• Stored data
(* Let $\mathcal{E}\subset\mathcal{P}_n$ be a maximal correctable error set containing the identity, and let $R=\{R_\chi\}_{\chi\in\hat G\setminus\{1\}}$ be a complete set of frame fields adapted to $\mathcal{E}$. Then there exist a Hilbert space $\mathcal{H}_{\rm gauge}$ and a (frame-dependent) tensor product $\otimes_R$, i.e. a bilinear map $\otimes_R:\mathcal{H}_{\rm pn}\times\mathcal{H}_{\rm gauge}\to\mathcal{H}_{\rm kin}$ whose linear extension to $\mathcal{H}_{\rm pn}\otimes\mathcal{H}_{\rm gauge}$ is a linear isomorphism onto $\mathcal{H}_{\rm kin}$ (written $\mathcal{H}_{\rm kin}=\mathcal{H}_{\rm pn}\otimes_R\mathcal{H}_{\rm gauge}$), such that: 1. $\dim\mathcal{H}_{\rm gauge}=2^{n-k}$ and $\mathcal{H}_{\rm gauge}$ carries a unitary representation $U_R$ of $G$ with $U^g(\ket{\psi}\otimes_R\ket{w})=\ket{\psi}\otimes_R U^g_R\ket{w}$ for all $g\in G$, $\ket\psi\in\mathcal{H}_{\rm pn}$, $\ket w\in\mathcal{H}_{\rm gauge}$ (i.e. $U^g=\mathrm{id}_{\mathcal{H}_{\rm pn}}\otimes_RU^g_R$); 2. $\mathcal{H}_{\rm gauge}$ has an orthonormal basis $\{\ket\chi\}_{\chi\in\hat G}$ with $\mathcal{H}_\chi=\mathcal{H}_{\rm pn}\otimes_R\ket\chi$ for all $\chi\in\hat G$; 3. for every $\ket\psi\in\mathcal{H}_{\rm pn}$ and $\chi\in\hat G$, $R_\chi(\ket\psi\otimes_R\ket1)=\ket\psi\otimes_R\ket\chi$; 4. for every $\chi\in\hat G$ and every $E_\chi\in\mathcal{E}\cap C_\chi$ there is $\eta\in\mathbb{C}$, $|\eta|=1$, with $E_\chi(\ket\psi\otimes_R\ket1)=\eta\ket\psi\otimes_R\ket\chi$ for all $\ket\psi\in\mathcal{H}_{\rm pn}$; 5. $U_R$ is isomorphic to the regular representation of $G$.
   Context: Let $n\ge1$, $0\le k<n$, $\mathcal{H}_{\rm kin}=(\mathbb{C}^2)^{\otimes n}$, $\mathcal{P}_n$ the $n$-qubit Pauli group. Let $G=\mathbb{Z}_2^{\times(n-k)}$ and $U:G\to\mathcal{P}_n$, $g\mapsto U^g$, a faithful unitary representation with $-I\notin U(G)$. $\mathcal{H}_{\rm pn}=\{\psi:U^g\psi=\psi\ \forall g\}$, $\Pi_{\rm pn}=\frac1{|G|}\sum_gU^g$. $\hat G$ is the group of characters $\chi:G\to\{\pm1\}$, with trivial character $1$; $\mathcal{H}_\chi$ is the image of $P_\chi=\frac1{|G|}\sum_g\chi(g)U^g$ (so $\mathcal{H}_1=\mathcal{H}_{\rm pn}$), and $C_\chi=\{E\in\mathcal{P}_n:U^gE(U^g)^\dagger=\chi(g)E\ \forall g\}$. A set $\{E_i\}$ is correctable if $\Pi_{\rm pn}E_i^\dagger E_j\Pi_{\rm pn}=C_{ij}\Pi_{\rm pn}$ with $(C_{ij})$ Hermitian, and maximal if $\mathrm{rank}(C)=2^{n-k}$. A frame field of charge $\chi\in\hat G\setminus\{1\}$ is an isometry $R_\chi:\mathcal{H}_{\rm pn}\to\mathcal{H}_\chi$; a complete set of frame fields is a collection $R=\{R_\chi\}_{\chi\ne1}$, one for each nontrivial $\chi$; by convention $R_1:=\mathrm{id}_{\mathcal{H}_{\rm pn}}$. $R$ is adapted to $\mathcal{E}$ if for every $\chi\ne1$ there are $E_\chi\in\mathcal{E}\cap C_\chi$ and $\eta_\chi\in\mathbb{C}$, $|\eta_\chi|=1$, with $R_\chi=\eta_\chi E_\chi|_{\mathcal{H}_{\rm pn}}$ (equivalently, the recovery channel $\mathcal{O}_R(\rho)=\Pi_{\rm pn}\rho\Pi_{\rm pn}+\sum_{\chi\ne1}R_\chi^{-1}P_\chi\rho P_\chi R_\chi$ corrects $\mathcal{E}$). *)

From HB Require Import structures.
From mathcomp Require Import all_boot all_order all_algebra all_field.
Set Implicit Arguments. Unset Strict Implicit. Unset Printing Implicit Defensive.
Import Order.TTheory GRing.Theory Num.Theory.
Local Open Scope ring_scope.

Definition adj {m p : nat} (A : 'M[algC]_(m, p)) : 'M[algC]_(p, m) :=
  (map_mx Num.conj A)^T.

Definition inner {m : nat} (u v : 'cV[algC]_m) : algC := (adj u *m v) 0 0.

(* j-th bit of the computational-basis index a of (C^2)^{\otimes n}. *)
Definition bit (j a : nat) : bool := odd (a %/ 2 ^ j).

(* Single-qubit Pauli matrices I, X, Y, Z (index 0,1,2,3), entry (r,s). *)
Definition sigma (p : 'I_4) (r s : bool) : algC :=
  match val p with
  | 0 => (r == s)%:R
  | 1 => (r != s)%:R
  | 2 => if r == s then 0 else if r then 'i else - 'i
  | _ => if r == s then (if r then -1 else 1) else 0
  end.

(* Pauli string sigma_{p_0} \otimes ... \otimes sigma_{p_{n-1}} on (C^2)^{\otimes n},
   written entrywise via the Kronecker-product formula in the computational basis. *)
Definition pauli_string (n : nat) (p : n.-tuple 'I_4) : 'M[algC]_(2 ^ n) :=
  \matrix_(a, b) \prod_(j < n) sigma (tnth p j) (bit j a) (bit j b).

Definition pauli_group (n : nat) (P : 'M[algC]_(2 ^ n)) : Prop :=
  exists (c : 'I_4) (p : n.-tuple 'I_4), P = 'i ^+ c *: pauli_string p.

Notation grp m := 'rV['F_2]_m.

(* Characters chi : G -> {+1,-1}, encoded as boolean functions
   (true <-> value -1); the character property is multiplicativity. *)
Definition charT (m : nat) := {ffun grp m -> bool}.
Definition is_char (m : nat) (chi : charT m) : bool :=
  [forall g, forall h, chi (g + h) == chi g (+) chi h].
Definition chi_val (m : nat) (chi : charT m) (g : grp m) : algC :=
  (-1) ^+ chi g.
Definition chi1 (m : nat) : charT m := [ffun _ => false].

Section Code.
Variables (n m : nat) (U : grp m -> 'M[algC]_(2 ^ n)).

Definition in_pn (psi : 'cV[algC]_(2 ^ n)) : Prop := forall g, U g *m psi = psi.

Definition Pi_pn : 'M[algC]_(2 ^ n) := #|grp m|%:R^-1 *: \sum_g U g.
Definition P_chi (chi : charT m) : 'M[algC]_(2 ^ n) :=
  #|grp m|%:R^-1 *: \sum_g (chi_val chi g *: U g).

Definition in_Hchi (chi : charT m) (v : 'cV[algC]_(2 ^ n)) : Prop :=
  exists u, v = P_chi chi *m u.

Definition in_Cchi (chi : charT m) (E : 'M[algC]_(2 ^ n)) : Prop :=
  pauli_group E /\ forall g, U g *m E *m adj (U g) = chi_val chi g *: E.

Definition correctable_with (N : nat) (E : 'I_N -> 'M[algC]_(2 ^ n))
    (C : 'M[algC]_N) : Prop :=
  adj C = C /\
  forall i j, Pi_pn *m adj (E i) *m E j *m Pi_pn = C i j *: Pi_pn.

Definition maximal_correctable (N : nat) (E : 'I_N -> 'M[algC]_(2 ^ n)) : Prop :=
  exists C : 'M[algC]_N, correctable_with E C /\ \rank C = (2 ^ m)%N.

(* A frame field of charge chi: an isometry H_pn -> H_chi
   (represented by a matrix whose action off H_pn is irrelevant). *)
Definition frame_field (chi : charT m) (R : 'M[algC]_(2 ^ n)) : Prop :=
  (forall psi, in_pn psi -> in_Hchi chi (R *m psi)) /\
  (forall psi phi, in_pn psi -> in_pn phi ->
     inner (R *m psi) (R *m phi) = inner psi phi).

Definition complete_frame (R : charT m -> 'M[algC]_(2 ^ n)) : Prop :=
  forall chi, is_char chi -> chi != chi1 m -> frame_field chi (R chi).

Definition Rext (R : charT m -> 'M[algC]_(2 ^ n)) (chi : charT m) : 'M[algC]_(2 ^ n) :=
  if chi == chi1 m then 1%:M else R chi.

Definition adapted (N : nat) (E : 'I_N -> 'M[algC]_(2 ^ n))
    (R : charT m -> 'M[algC]_(2 ^ n)) : Prop :=
  forall chi, is_char chi -> chi != chi1 m ->
    exists i : 'I_N, in_Cchi chi (E i) /\
      exists eta : algC, `|eta| = 1 /\
        forall psi, in_pn psi -> R chi *m psi = eta *: (E i *m psi).

End Code.

(* Regular representation of G on C^{|G|} (basis e_h, g . e_h = e_{g+h}). *)
Definition reg_repr (m : nat) (g : grp m) : 'M[algC]_(#|grp m|) :=
  \matrix_(a, b) (enum_val a == g + enum_val b)%:R.

(* Frame-dependent tensor product: H_pn \otimes H_gauge (H_gauge = C^d) is
   modelled as the matrices M : 'M_(2^n, d) whose columns lie in H_pn, the
   elementary tensor psi \otimes w being psi *m w^T. *)
Definition tensR {N d : nat} (L : {linear 'M[algC]_(N, d) -> 'cV[algC]_N})
    (psi : 'cV[algC]_N) (w : 'cV[algC]_d) : 'cV[algC]_N :=
  L (psi *m w^T).

From HB Require Import structures.
From mathcomp Require Import all_boot all_order all_algebra all_field.
Import Order.TTheory GRing.Theory Num.Theory.
Local Open Scope ring_scope.

Set Implicit Arguments. Unset Strict Implicit. Unset Printing Implicit Defensive.

(* The projections P_chi split H_kin into the charge sectors H_chi, which are
   the joint eigenspaces of the U^g.  An adapted frame field R_chi is, on H_pn,
   a phase times a unitary Pauli error of charge chi, so it maps H_pn
   isometrically onto H_chi.  Hence, numbering the characters by the basis
   vectors of C^(2^(n-k)), the map M |-> sum_chi R_chi (M e_chi) is an
   isomorphism H_pn (x) C^(2^(n-k)) -> H_kin, under which U^g becomes the
   diagonal matrix of the chi(g); the character table intertwines that diagonal
   representation with the regular one by character orthogonality.  Finally,
   two errors of the same charge agree on H_pn up to their correctability
   coefficient, which is a phase because both errors are unitary. *)

Definition unitary_mx N (A : 'M[algC]_N) : Prop := adj A *m A = 1%:M.

Lemma adj_mul m p q (A : 'M[algC]_(m, p)) (B : 'M[algC]_(p, q)) :
  adj (A *m B) = adj B *m adj A.
Proof. by rewrite /adj map_mxM trmx_mul. Qed.

Lemma adj_scale m p (c : algC) (A : 'M[algC]_(m, p)) : adj (c *: A) = c^* *: adj A.
Proof. by rewrite /adj map_mxZ linearZ. Qed.

Lemma adjK m p (A : 'M[algC]_(m, p)) : adj (adj A) = A.
Proof. by apply/matrixP => i j; rewrite /adj !mxE conjCK. Qed.

Section UnitaryMatrices.
Variable N : nat.
Implicit Types (A : 'M[algC]_N) (u v : 'cV[algC]_N).

Lemma unitary_mx1 : unitary_mx (1%:M : 'M[algC]_N).
Proof. by rewrite /unitary_mx /adj map_mx1 trmx1 mulmx1. Qed.

Lemma unitary_mxC A : unitary_mx A -> A *m adj A = 1%:M.
Proof. exact: mulmx1C. Qed.

Lemma innerE u v : inner u v = \sum_i (u i 0)^* * v i 0.
Proof. by rewrite /inner /adj mxE; apply: eq_bigr => i _; rewrite !mxE. Qed.

Lemma inner_unitary A u v : unitary_mx A -> inner (A *m u) (A *m v) = inner u v.
Proof. by move=> AU; rewrite /inner adj_mul mulmxA -(mulmxA (adj u)) AU mulmx1. Qed.

Lemma innerZZ (c : algC) u v : inner (c *: u) (c *: v) = `|c| ^+ 2 * inner u v.
Proof. by rewrite /inner adj_scale -scalemxAl -scalemxAr scalerA mxE mxE normCKC. Qed.

Lemma inner_self_eq0 u : (inner u u == 0) = (u == 0).
Proof.
apply/eqP/eqP => [|->]; last by rewrite /inner mulmx0 mxE.
rewrite innerE => /eqP; rewrite psumr_eq0 => [/allP u0|i _]; last first.
  by rewrite -normCKC exprn_ge0.
apply/matrixP => i j; rewrite ord1 mxE.
by have := u0 i (mem_index_enum _); rewrite -normCKC /= sqrf_eq0 normr_eq0 => /eqP.
Qed.

(* If two unitaries agree up to a scalar c on a set of vectors, then either
   |c| = 1 or that set is {0}. *)
Lemma unitary_agree_phase A B (c : algC) (S : 'cV[algC]_N -> Prop) :
    unitary_mx A -> unitary_mx B ->
    (forall v, S v -> A *m v = c *: (B *m v)) ->
  exists eta : algC, `|eta| = 1 /\ forall v, S v -> A *m v = eta *: (B *m v).
Proof.
move=> AU BU AcB; have [c1|c_neq1] := eqVneq `|c| 1; first by exists c.
exists 1; split=> [|v Sv]; first exact: normr1.
suff ->: v = 0 by rewrite !mulmx0 scaler0.
apply/eqP; rewrite -inner_self_eq0.
have := inner_unitary v v AU; rewrite AcB // innerZZ inner_unitary // => /eqP.
rewrite -subr_eq0 -[X in _ - X]mul1r -mulrBl mulf_eq0 subr_eq0 sqrp_eq1 //.
by rewrite (negbTE c_neq1).
Qed.

End UnitaryMatrices.

Lemma bit0 a : bit 0 a = odd a.
Proof. by rewrite /bit expn0 divn1. Qed.

Lemma bitS j a : bit j.+1 a = bit j a./2.
Proof. by rewrite /bit expnS divnMA divn2. Qed.

Lemma big_nat_double (R : nmodType) (F : nat -> R) k :
  \sum_(0 <= i < k.*2) F i = \sum_(0 <= i < k) (F i.*2 + F i.*2.+1).
Proof.
elim: k => [|k IH]; first by rewrite !big_geq.
by rewrite doubleS !big_nat_recr //= IH addrA.
Qed.

Lemma sum_prod_bits (R : comPzSemiRingType) n (f : 'I_n -> bool -> R) :
  \sum_(c < 2 ^ n) \prod_(j < n) f j (bit j c) = \prod_(j < n) (f j false + f j true).
Proof.
elim: n f => [|n IH] f; first by rewrite expn0 big_ord1 !big_ord0.
rewrite -(big_mkord xpredT (fun c => \prod_(j < n.+1) f j (bit j c))).
rewrite expnS mul2n big_nat_double big_ord_recl /=.
rewrite -(IH (fun j => f (lift ord0 j))).
rewrite -(big_mkord xpredT (fun c => \prod_(j < n) f (lift ord0 j) (bit j c))) mulr_sumr.
apply: eq_bigr => i _; rewrite !big_ord_recl /= !bit0 odd_double /= mulrDl.
congr (_ * _ + _ * _); rewrite ?odd_double //; apply: eq_bigr => j _;
  by rewrite /bump /= add1n bitS /= ?doubleK ?uphalf_double.
Qed.

Lemma eq_bits n a b : (a < 2 ^ n)%N -> (b < 2 ^ n)%N ->
  (forall j, (j < n)%N -> bit j a = bit j b) -> a = b.
Proof.
elim: n a b => [|n IH] a b; first by rewrite expn0 !ltnS !leqn0 => /eqP-> /eqP->.
move=> a_lt b_lt eq_ab; rewrite -[a]odd_double_half -[b]odd_double_half.
have := eq_ab 0%N isT; rewrite !bit0 => ->.
congr (_ + _.*2)%N; apply: IH => [||j j_lt]; last by rewrite -!bitS eq_ab.
  by rewrite ltn_half_double -mul2n -expnS.
by rewrite ltn_half_double -mul2n -expnS.
Qed.

Lemma sigma_unitary p r s :
  (sigma p false r)^* * sigma p false s + (sigma p true r)^* * sigma p true s =
  (r == s)%:R.
Proof.
case: p => -[|[|[|[|]]]] p_lt //; case: r; case: s;
  rewrite /sigma /= ?conjCi ?rmorph0 ?rmorph1 ?rmorphN ?conjCi ?mul0r ?mulr0 ?mul1r ?mulr1
          ?add0r ?addr0 ?mulNr ?mulrN ?opprK //.
all: try by rewrite -normCKC ?normCi ?normr1 expr1n.
all: by rewrite -expr2 sqrCi opprK.
Qed.

Lemma pauli_string_unitary n (p : n.-tuple 'I_4) : unitary_mx (pauli_string p).
Proof.
apply/matrixP => a b; rewrite !mxE.
under eq_bigr => c _ do rewrite /adj !mxE rmorph_prod -big_split /=.
rewrite (sum_prod_bits
  (fun j x => (sigma (tnth p j) x (bit j a))^* * sigma (tnth p j) x (bit j b))).
under eq_bigr => j _ do rewrite sigma_unitary.
have [<-|neq_ab] := eqVneq a b; first by rewrite big1 // => j _; rewrite eqxx.
have [j neq_j] : exists j : 'I_n, bit j a != bit j b.
  apply/existsP; apply: contraT; rewrite negb_exists => /forallP eq_ab.
  case/eqP: neq_ab; apply/val_inj/(@eq_bits n); rewrite ?ltn_ord // => j j_lt.
  by have /negPn/eqP := eq_ab (Ordinal j_lt).
by rewrite (bigD1 j) //= (negbTE neq_j) mul0r.
Qed.

Lemma pauli_unitary n (P : 'M[algC]_(2 ^ n)) : pauli_group P -> unitary_mx P.
Proof.
case=> c [p ->]; rewrite /unitary_mx adj_scale -scalemxAl -scalemxAr scalerA.
by rewrite pauli_string_unitary -normCKC normrX normCi !expr1n scale1r.
Qed.

Lemma F2_cases (x : 'F_2) : x = 0 \/ x = 1.
Proof. by case: x => -[|[|]] //= x_lt; [left|right]; apply: val_inj. Qed.

Lemma F2_addr_eq1 (x y : 'F_2) : (x + y == 1) = (x == 1) (+) (y == 1).
Proof. by case: (F2_cases x) => ->; case: (F2_cases y) => ->. Qed.

Lemma F2_nat_eq1 (b : bool) : ((b%:R : 'F_2) == 1) = b.
Proof. by case: b. Qed.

• Instructions to follow
Output exactly one stretch of the listing: from the line containing "match val p with" through the line containing "exists u, v = P_chi chi *m u.", both end lines included.

• Solution for this exercise
  match val p with
  | 0 => (r == s)%:R
  | 1 => (r != s)%:R
  | 2 => if r == s then 0 else if r then 'i else - 'i
  | _ => if r == s then (if r then -1 else 1) else 0
  end.

(* Pauli string sigma_{p_0} \otimes ... \otimes sigma_{p_{n-1}} on (C^2)^{\otimes n},
   written entrywise via the Kronecker-product formula in the computational basis. *)
Definition pauli_string (n : nat) (p : n.-tuple 'I_4) : 'M[algC]_(2 ^ n) :=
  \matrix_(a, b) \prod_(j < n) sigma (tnth p j) (bit j a) (bit j b).

Definition pauli_group (n : nat) (P : 'M[algC]_(2 ^ n)) : Prop :=
  exists (c : 'I_4) (p : n.-tuple 'I_4), P = 'i ^+ c *: pauli_string p.

Notation grp m := 'rV['F_2]_m.

(* Characters chi : G -> {+1,-1}, encoded as boolean functions
   (true <-> value -1); the character property is multiplicativity. *)
Definition charT (m : nat) := {ffun grp m -> bool}.
Definition is_char (m : nat) (chi : charT m) : bool :=
  [forall g, forall h, chi (g + h) == chi g (+) chi h].
Definition chi_val (m : nat) (chi : charT m) (g : grp m) : algC :=
  (-1) ^+ chi g.
Definition chi1 (m : nat) : charT m := [ffun _ => false].

Section Code.
Variables (n m : nat) (U : grp m -> 'M[algC]_(2 ^ n)).

Definition in_pn (psi : 'cV[algC]_(2 ^ n)) : Prop := forall g, U g *m psi = psi.

Definition Pi_pn : 'M[algC]_(2 ^ n) := #|grp m|%:R^-1 *: \sum_g U g.
Definition P_chi (chi : charT m) : 'M[algC]_(2 ^ n) :=
  #|grp m|%:R^-1 *: \sum_g (chi_val chi g *: U g).

Definition in_Hchi (chi : charT m) (v : 'cV[algC]_(2 ^ n)) : Prop :=
  exists u, v = P_chi chi *m u.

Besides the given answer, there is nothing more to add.